Psychologist Açelya Şahin: This age range is a period in which the social relations of children with their peers have increased considerably. They start kindergarten and kindergarten and interact with other children in the gardens of their homes. Therefore, they have the opportunity to observe other individuals. They observe, model, imitate people of all ages. They want to be like the adults they model. “When I grow up, I'm going to dye my hair blonde like my aunt. My car will be red and I will be my boyfriend, and we'll take my car and go to the movies! ”
Falling in love and having a relationship with someone are the scenes they often come across in movies, TV series and real life. When they are involved in social life and become interested in many fields, love and male-female relations are the most important ones. Therefore, they also add words of love to their vocabulary. When they use these words, their use decreases or increases in direct proportion with the attention, interest and positive reinforcers shown.

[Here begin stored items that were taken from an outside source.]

(* Consider the parametric multistage stochastic optimization problem described in the context, and assume: (A1) the noises $\mathbf{W}_1,\dots,\mathbf{W}_T$ are independent and each has finite support; (A2) (i) the problem is feasible, i.e. $\Phi(p)<+\infty$ for some $p\in\mathcal{P}_{\mathrm{ad}}$; (ii) each dynamics $f_t$ is affine in $(x,u)$; (iii) for all $t\in\{0,\dots,T-1\}$ and all $w\in\mathrm{Supp}(\mathbf{W}_{t+1})$, the function $L_t(\cdot,\cdot,w,\cdot)$ belongs to $\Gamma_{\mathcal{K}}[\mathbb{X}\times\mathbb{U},\mathbb{P}]$; (iv) $K\in\Gamma[\mathbb{X},\mathbb{P}]$. Then the parametric value functions $V_0,\dots,V_T$ are proper and belong to $\Gamma[\mathbb{X},\mathbb{P}]$. Moreover, suppose in addition that, for a given set $\mathcal{P}\subset\mathbb{P}$: (A3) for all $t\in\{0,\dots,T-1\}$ and all $w\in\mathrm{Supp}(\mathbf{W}_{t+1})$, $L_t(\cdot,\cdot,w,\cdot)\in\Theta_{\mathcal{K}}[\mathbb{X}\times\mathbb{U},\mathcal{P}]$, and $K\in\Theta[\mathbb{X},\mathcal{P}]$. Then: (a) the functions $V_0,\dots,V_T$ belong to $\Theta[\mathbb{X},\mathcal{P}]$ and, for all $p\in\mathrm{int}\,\mathcal{P}$, their gradients with respect to $p$ are given by the backward induction $$\nabla_pV_T(x,p)=\nabla_pK(x,p)\quad\forall x\in\mathrm{dom}\,V_T(\cdot,p),$$ and, for every $t\in\{0,\dots,T-1\}$ and all $x\in\mathrm{dom}\,V_t(\cdot,p)$, $$\nabla_pV_t(x,p)=\mathbb{E}\big[\nabla_pL_t(x,u^\star,\mathbf{W}_{t+1},p)+\nabla_pV_{t+1}\big(f_t(x,u^\star,\mathbf{W}_{t+1}),p\big)\big],$$ where $u^\star$ is any control in the solution set $\mathcal{U}^\star_t(x,p)$; (b) for any closed convex subset $\mathcal{P}_{\mathrm{ad}}\subset\mathcal{P}$, the upstream problem $\min_{p\in\mathcal{P}_{\mathrm{ad}}}\Phi(p)$ is a convex differentiable optimization problem.
   Context: Setting: $T\ge1$ is an integer; $\mathbb{X}=\mathbb{R}^{n_x}$, $\mathbb{U}=\mathbb{R}^{n_u}$, $\mathbb{W}=\mathbb{R}^{n_w}$, $\mathbb{P}=\mathbb{R}^{n_p}$. On a probability space, $\mathbf{W}_1,\dots,\mathbf{W}_T$ are random variables with values in $\mathbb{W}$; $\mathrm{Supp}(\mathbf{W}_t)$ is the set of values taken with positive probability. Given are dynamics $f_t:\mathbb{X}\times\mathbb{U}\times\mathbb{W}\to\mathbb{X}$, stage costs $L_t:\mathbb{X}\times\mathbb{U}\times\mathbb{W}\times\mathbb{P}\to\,]-\infty,+\infty]$ ($t=0,\dots,T-1$), a final cost $K:\mathbb{X}\times\mathbb{P}\to\,]-\infty,+\infty]$, an initial state $x_0\in\mathbb{X}$ and an admissible parameter set $\mathcal{P}_{\mathrm{ad}}\subseteq\mathbb{P}$. For $p\in\mathbb{P}$, $\Phi(p)=\inf\mathbb{E}\big[\sum_{t=0}^{T-1}L_t(\mathbf{X}_t,\mathbf{U}_t,\mathbf{W}_{t+1},p)+K(\mathbf{X}_T,p)\big]$, the infimum being over random controls $\mathbf{U}_t$ measurable with respect to $\sigma(\mathbf{W}_1,\dots,\mathbf{W}_t)$ ($\mathbf{U}_0$ deterministic), with $\mathbf{X}_0=x_0$ and $\mathbf{X}_{t+1}=f_t(\mathbf{X}_t,\mathbf{U}_t,\mathbf{W}_{t+1})$. The upstream problem is $\min_{p\in\mathcal{P}_{\mathrm{ad}}}\Phi(p)$. The parametric value functions are defined by $V_T(x,p)=K(x,p)$ and $V_t(x,p)=\inf_{u\in\mathbb{U}}Q_t(x,u,p)$, where $Q_t(x,u,p)=\mathbb{E}\big[L_t(x,u,\mathbf{W}_{t+1},p)+V_{t+1}(f_t(x,u,\mathbf{W}_{t+1}),p)\big]$; the solution set is $\mathcal{U}^\star_t(x,p)=\arg\min_{u\in\mathbb{U}}Q_t(x,u,p)$. Under (A1), $\Phi(p)=V_0(x_0,p)$. A function is proper if it never takes the value $-\infty$ and its effective domain $\mathrm{dom}\,g=\{g<+\infty\}$ is nonempty. Function classes: for a Euclidean space $\mathbb{Y}$, $\Gamma[\mathbb{Y},\mathbb{P}]$ is the set of lower semicontinuous convex functions $\mathbb{Y}\times\mathbb{P}\to\,]-\infty,+\infty]$. For $\mathcal{P}\subset\mathbb{P}$, $\Theta[\mathbb{Y},\mathcal{P}]$ is the set of $\theta\in\Gamma[\mathbb{Y},\mathbb{P}]$ with $\mathrm{dom}\,\theta=Y_\theta\times\mathcal{P}$ for some (possibly empty) $Y_\theta\subset\mathbb{Y}$ and such that $\theta(y,\cdot)$ is differentiable on $\mathrm{int}\,\mathcal{P}$ for each $y\in Y_\theta$. $\Gamma_{\mathcal{K}}[\mathbb{X}\times\mathbb{U},\mathbb{P}]$ is the set of $\gamma\in\Gamma[\mathbb{X}\times\mathbb{U},\mathbb{P}]$ for which some compact $\mathcal{K}_\gamma\subset\mathbb{U}$ satisfies $\mathrm{dom}\,\gamma(x,\cdot,p)\subset\mathcal{K}_\gamma$ for all $(x,p)$; $\Theta_{\mathcal{K}}[\mathbb{X}\times\mathbb{U},\mathcal{P}]=\Theta[\mathbb{X}\times\mathbb{U},\mathcal{P}]\cap\Gamma_{\mathcal{K}}[\mathbb{X}\times\mathbb{U},\mathbb{P}]$. *)

From HB Require Import structures.
From mathcomp Require Import all_boot all_order all_algebra.
From mathcomp Require Import all_classical all_reals all_analysis.
Set Implicit Arguments. Unset Strict Implicit. Unset Printing Implicit Defensive.
Import Order.TTheory GRing.Theory Num.Theory.
Import numFieldNormedType.Exports.
Local Open Scope classical_set_scope.
Local Open Scope ring_scope.
Definition swiatkowski (f : R -> R) : Prop :=
  forall a b : R, a < b -> f a <> f b ->
    exists x : R, a < x < b /\ continuity_pt f x /\ strictly_between (f x) (f a) (f b).

Definition nowhere_dense (A : R -> Prop) : Prop :=
  forall x : R, ~ interior (adherence A) x.

Definition meager (M : R -> Prop) : Prop :=
  exists N : nat -> R -> Prop,
    (forall n, nowhere_dense (N n)) /\ (forall x, M x -> exists n, N n x).

Definition has_Baire_property (f : R -> R) : Prop :=
  forall U : R -> Prop, open_set U ->
    exists O M : R -> Prop, open_set O /\ meager M /\
      forall x, U (f x) <-> ((O x /\ ~ M x) \/ (M x /\ ~ O x)).

Definition limit_of_swiatkowski (g : R -> R) : Prop :=
  exists fn : nat -> R -> R,
    (forall n, swiatkowski (fn n)) /\ (forall x, Un_cv (fun n => fn n x) (g x)).

From Stdlib Require Import Reals Rtopology QArith Lra Lia Classical ClassicalEpsilon Cantor.
Open Scope R_scope.

(* A Świątkowski function has dense continuity points, so for each n the points where it
   oscillates by at least 1/(n+1) form a nowhere dense set: it is continuous off a meager set,
   and the preimage of an open set agrees with its interior off that set. Baire sets form a
   σ-algebra, and for a pointwise limit g of such functions U(g x) holds iff from some m on
   every f_(m+j) x stays 1/(k+1) inside U, a countable combination of preimages of closed sets;
   so the limit has the Baire property. The function f is constant off the meager set of
   rationals, so it has the Baire property as well.

   If Świątkowski functions f_n converged to f, then in every interval a late f_n takes a value
   near 1 (at a point of Q1) and a different value near 2 (at a point of Q2), hence has a
   continuity point where it exceeds 1/2, hence exceeds 1/2 on a whole subinterval. Nesting
   such intervals while skipping the k-th rational at stage k yields an irrational x with
   f_n x > 1/2 for arbitrarily large n, although f_n x -> f x = 0. *)

(** * Topology of the line *)

Lemma neighbourhood_iff (V : R -> Prop) x :
  neighbourhood V x <-> exists r, 0 < r /\ forall y, Rabs (y - x) < r -> V y.
Proof.
  split.
  - intros [r Hr]. exists r. split; [apply cond_pos|]. intros y Hy; apply Hr, Hy.
  - intros [r [Hr H]]. exists (mkposreal r Hr). intros y Hy; apply H, Hy.
Qed.
(* [0 < r] matters: [0 / 0 = 0 * +oo = 0] in [\bar R]. *)
Lemma lee_pdiv_cross (R : realFieldType) (a b e : \bar R) (r : R) :
  (0 <= a -> a \is a fin_num -> 0 < b -> b \is a fin_num -> 0 < r%:E -> 0 <= e ->
  a * e <= r%:E * b -> a / b <= r%:E / e)%E.
Proof.
move: a b => [a| |] [b| |] // a_ge0 _ b_gt0 _ r_gt0.
rewrite lte_fin in b_gt0; rewrite inver gt_eqF // -EFinM.
case: e => [s| |] //.
- rewrite lee_fin le_eqVlt => /predU1P[<- _|s_gt0].
    by rewrite inver eqxx gt0_muley ?leey.
  rewrite inver gt_eqF // -!EFinM !lee_fin => ab.
  by rewrite ler_pdivrMr // mulrAC ler_pdivlMr.
- rewrite invey mule0 => _; rewrite lee_fin in a_ge0.
  have [->|a_gt0] := eqVneq a 0%R; first by rewrite -EFinM mul0r.
  by rewrite gt0_muley ?lte_fin ?lt_def ?a_gt0 // leye_eq -EFinM.
Qed.

Section conditional_tail_bound.
Local Open Scope ereal_scope.
Context d (T : measurableType d) (R : realType) (P : probability T R)
  (n : nat) (X : nat -> {RV P >-> R}) (L delta delta' : R).
Hypothesis n_gt0 : (0 < n)%N.
Hypothesis indepX :
  mutually_independent P [set i | (1 <= i <= n)%N] (fun i => X i : T -> R).
Hypothesis X_ge0 : forall i x, (1 <= i <= n)%N -> (0 <= X i x)%R.

Local Notation Sn x := (\sum_(1 <= i < n.+1) X i x)%R.
Local Notation Sn_le_L := [set x | (Sn x <= L)%R].
Local Notation trunc_mean k :=
  (\int[P]_x (X k x * \1_[set y | (X k y <= delta')%R] x)%:E).

Lemma measurable_Sn_le c : measurable [set x | (Sn x <= c)%R].
Proof. by apply: measurable_set_le => //; exact: measurable_sum. Qed.

Let others k := [seq j <- index_iota 2 n.+1 | j != k].

Local Notation rest k c := [set x | (\sum_(j <- others k) X j x <= c)%R].
Local Notation X1_low := [set x | (X 1%N x <= delta - delta')%R].

Lemma Sn_split k x : (2 <= k <= n)%N ->
  Sn x = (X 1%N x + (X k x + \sum_(j <- others k) X j x))%R.
Proof.
move=> /andP[k_ge2 k_le_n]; rewrite big_ltn ?ltnS //; congr (_ + _)%R.
rewrite (bigD1_seq k) /= ?iota_uniq ?mem_index_iota ?k_ge2 ?ltnS //.
by rewrite big_filter.
Qed.

Lemma X1_le_Sn x : (X 1%N x <= Sn x)%R.
Proof.
rewrite big_ltn ?ltnS // lerDl big_nat_cond; apply: sumr_ge0 => k.
by rewrite andbT => k_range; apply: X_ge0; lia.
Qed.

Lemma mem_others k j : j \in others k -> (2 <= j <= n)%N /\ j != k.
Proof. by rewrite mem_filter mem_index_iota ltnS => /andP[]. Qed.

Lemma uniq_k1_others k : (2 <= k <= n)%N -> uniq [:: k, 1%N & others k].
Proof.
move=> k_range; rewrite /= !inE negb_or filter_uniq ?iota_uniq // andbT.
rewrite -andbA; apply/and3P; split.
- by apply/eqP; lia.
- by apply/negP => /mem_others[_ /eqP].
- by apply/negP => /mem_others[/andP[]].
Qed.

Lemma k1_others_range k l : (2 <= k <= n)%N ->
  l \in [:: k, 1%N & others k] -> (1 <= l <= n)%N.
Proof.
by move=> k_range; rewrite !inE => /orP[/eqP->|/orP[/eqP->|/mem_others[]]]; lia.
Qed.

Lemma trunc_mean_ge0 k : (2 <= k <= n)%N -> 0 <= trunc_mean k.
Proof.
move=> k_range; apply: integral_ge0 => x _.
by rewrite lee_fin mulr_ge0 // X_ge0 //; lia.
Qed.

Lemma integral_trunc_indep k c : (2 <= k <= n)%N ->
  \int[P]_x (X k x * \1_[set y | X k y <= delta'] x * \1_(X1_low `&` rest k c) x)%:E =
  P X1_low * P (rest k c) * trunc_mean k.
Proof.
move=> k_range.
have mX1_low : measurable X1_low by exact: measurable_set_le.
have mrest : measurable (rest k c).
  by apply: measurable_set_le => //; exact: measurable_sum.
have indep3 B : measurable B ->
    P (X k @^-1` B `&` X1_low `&` rest k c) = P (X k @^-1` B) * P X1_low * P (rest k c).
  move=> mB; have mC : measurable [set y : R | (y <= delta - delta')%R].
    by rewrite -set_itvNyc; exact: measurable_itv.
  apply: (indep_pair_sum_le indepX c (uniq_k1_others k_range) _ mB mC).
  by move=> l /(k1_others_range k_range).
have PE : P (X1_low `&` rest k c) = P X1_low * P (rest k c).
  by have := indep3 setT measurableT; rewrite preimage_setT setTI probability_setT mul1e.
(* |y| rather than y keeps the integrand nonnegative on all of R. *)
pose g y := (`|y| * \1_[set z | z <= delta'] y)%R.
have mg : measurable_fun setT g.
  apply: measurable_funM; first exact: normr_measurable.
  by apply: measurable_indic; rewrite -set_itvNyc; exact: measurable_itv.
have Xk_ge0 x : (0 <= X k x)%R by apply: X_ge0; lia.
transitivity (\int[P]_x (g (X k x) * \1_(X1_low `&` rest k c) x)%:E).
  by apply: eq_integral => x _; rewrite /g ger0_norm.
have g_ge0 y : (0 <= g y)%R by rewrite mulr_ge0.
have indepE B : measurable B ->
    P (X k @^-1` B `&` (X1_low `&` rest k c)) =
    P (X k @^-1` B) * P (X1_low `&` rest k c).
  by move=> mB; rewrite setIA indep3 // PE muleA.
rewrite (integral_indep_indic (measurableI _ _ mX1_low mrest) mg g_ge0 indepE) -PE.
by congr (_ * _); apply: eq_integral => x _; rewrite /g ger0_norm.
Qed.

Lemma mul_trunc_mean_le k : (2 <= k <= n)%N ->
  P ([set x | (delta <= X 1%N x)%R] `&` Sn_le_L) * (P X1_low * trunc_mean k)
  <= \int[P]_x (X k x * \1_Sn_le_L x)%:E.
Proof.
move=> k_range; have Xk_ge0 x : (0 <= X k x)%R by apply: X_ge0; lia.
have mSn_le_L := measurable_Sn_le L.
have PF_le : P ([set x | (delta <= X 1%N x)%R] `&` Sn_le_L) <= P (rest k (L - delta)%R).
  apply: le_measure; rewrite ?inE.
  - by apply: measurableI => //; exact: measurable_set_le.
  - by apply: measurable_set_le => //; exact: measurable_sum.
  move=> x [/= X1_ge]; rewrite (Sn_split x k_range) => Sn_le.
  by have := Xk_ge0 x; lra.
apply: le_trans (lee_wpmul2r _ PF_le) _; first by rewrite mule_ge0 ?trunc_mean_ge0.
rewrite muleA (muleC (P (rest _ _))) -(integral_trunc_indep _ k_range).
apply: ge0_le_integral => //.
- by move=> x _; rewrite lee_fin !mulr_ge0.
- apply/measurable_EFinP; apply: measurable_funM; last first.
    by apply: measurable_indic; apply: measurableI; apply: measurable_set_le => //;
      exact: measurable_sum.
  by apply: measurable_funM => //; apply: measurable_indic; exact: measurable_set_le.
- by apply/measurable_EFinP; apply: measurable_funM => //; exact: measurable_indic.
move=> x _; rewrite lee_fin -mulrA ler_wpM2l // !indicE.
have [Ex|] := boolP (x \in X1_low `&` rest k (L - delta)%R); last by rewrite mulr0.
have [Xk_le|] := boolP (x \in [set y | (X k y <= delta')%R]); last by rewrite mul0r.
suff -> : x \in Sn_le_L by rewrite mulr1.
rewrite in_setE /= (Sn_split x k_range).
by move: Ex Xk_le; rewrite !in_setE /= => -[]; lra.
Qed.

Lemma sum_integral_indic_le : (0 <= L)%R ->
  \sum_(2 <= k < n.+1) \int[P]_x (X k x * \1_Sn_le_L x)%:E <= L%:E * P Sn_le_L.
Proof.
move=> L_ge0.
have mSn_le_L := measurable_Sn_le L.
have mXA k : measurable_fun setT (fun x => (`|X k x| * \1_Sn_le_L x)%:E).
  apply/measurable_EFinP; apply: measurable_funM; last exact: measurable_indic.
  exact: measurableT_comp.
rewrite (eq_big_nat _ _
    (F2 := fun k => \int[P]_x (`|X k x| * \1_Sn_le_L x)%:E)); last first.
  move=> k k_range; apply: eq_integral => x _; rewrite ger0_norm // X_ge0 //; lia.
have XA_ge0 k x : setT x -> 0 <= (`|X k x| * \1_Sn_le_L x)%:E.
  by rewrite lee_fin mulr_ge0.
rewrite -(ge0_integral_sum P measurableT mXA XA_ge0).
have -> : L%:E * P Sn_le_L = \int[P]_x (L * \1_Sn_le_L x)%:E.
  rewrite (integralZl_indic _ (fun _ => Sn_le_L)) ?integral_indic ?setIT //.
  by move=> L_lt0; move: (lt_le_trans L_lt0 L_ge0); rewrite ltxx.
apply: ge0_le_integral => //.
- by move=> x _; apply: sume_ge0 => k _; exact: XA_ge0.
- exact: emeasurable_sum.
- by apply/measurable_EFinP; apply: measurable_funM => //; exact: measurable_indic.
move=> x _; rewrite sumEFin lee_fin -big_distrl /= indicE.
have [xA|] := boolP (x \in Sn_le_L); last by rewrite !mulr0.
rewrite !mulr1 (eq_big_nat _ _ (F2 := X^~ x)) => [|k k_range]; last first.
  by rewrite ger0_norm // X_ge0 //; lia.
have X1_ge0 : (0 <= X 1%N x)%R by apply: X_ge0; lia.
by move: xA; rewrite in_setE /= big_ltn ?ltnS //; lra.
Qed.

Lemma mul_sum_trunc_mean_le : (0 <= L)%R ->
  P ([set x | (delta <= X 1%N x)%R] `&` Sn_le_L) *
    (P X1_low * \sum_(2 <= k < n.+1) trunc_mean k)
  <= L%:E * P Sn_le_L.
Proof.
move=> L_ge0; apply: le_trans (sum_integral_indic_le L_ge0).
rewrite big_nat_cond [leRHS]big_nat_cond !ge0_sume_distrr; first last.
- by move=> k /andP[k_range _]; exact: trunc_mean_ge0.
- by move=> k /andP[k_range _]; rewrite mule_ge0 ?trunc_mean_ge0.
by apply: lee_sum => k /andP[k_range _]; exact: mul_trunc_mean_le.
Qed.

End conditional_tail_bound.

: What should be the approach to a child suffering from love?
Psychologist Açelya Şahin: If your child is suffering from love, do not underestimate his feelings. Reactions such as “You're smaller, love pain, go play with your toys dir are blows to the child's sense of trust. Tell them that you understand how hurt you may be, that every person may have this kind of emotion at some point in their life, but that they will learn to deal with these feelings over time. Because of his cognitive abilities, although he cannot fully perceive what you are saying, he will see that you are with him and that you are trying to find a solution to your problem together without judging.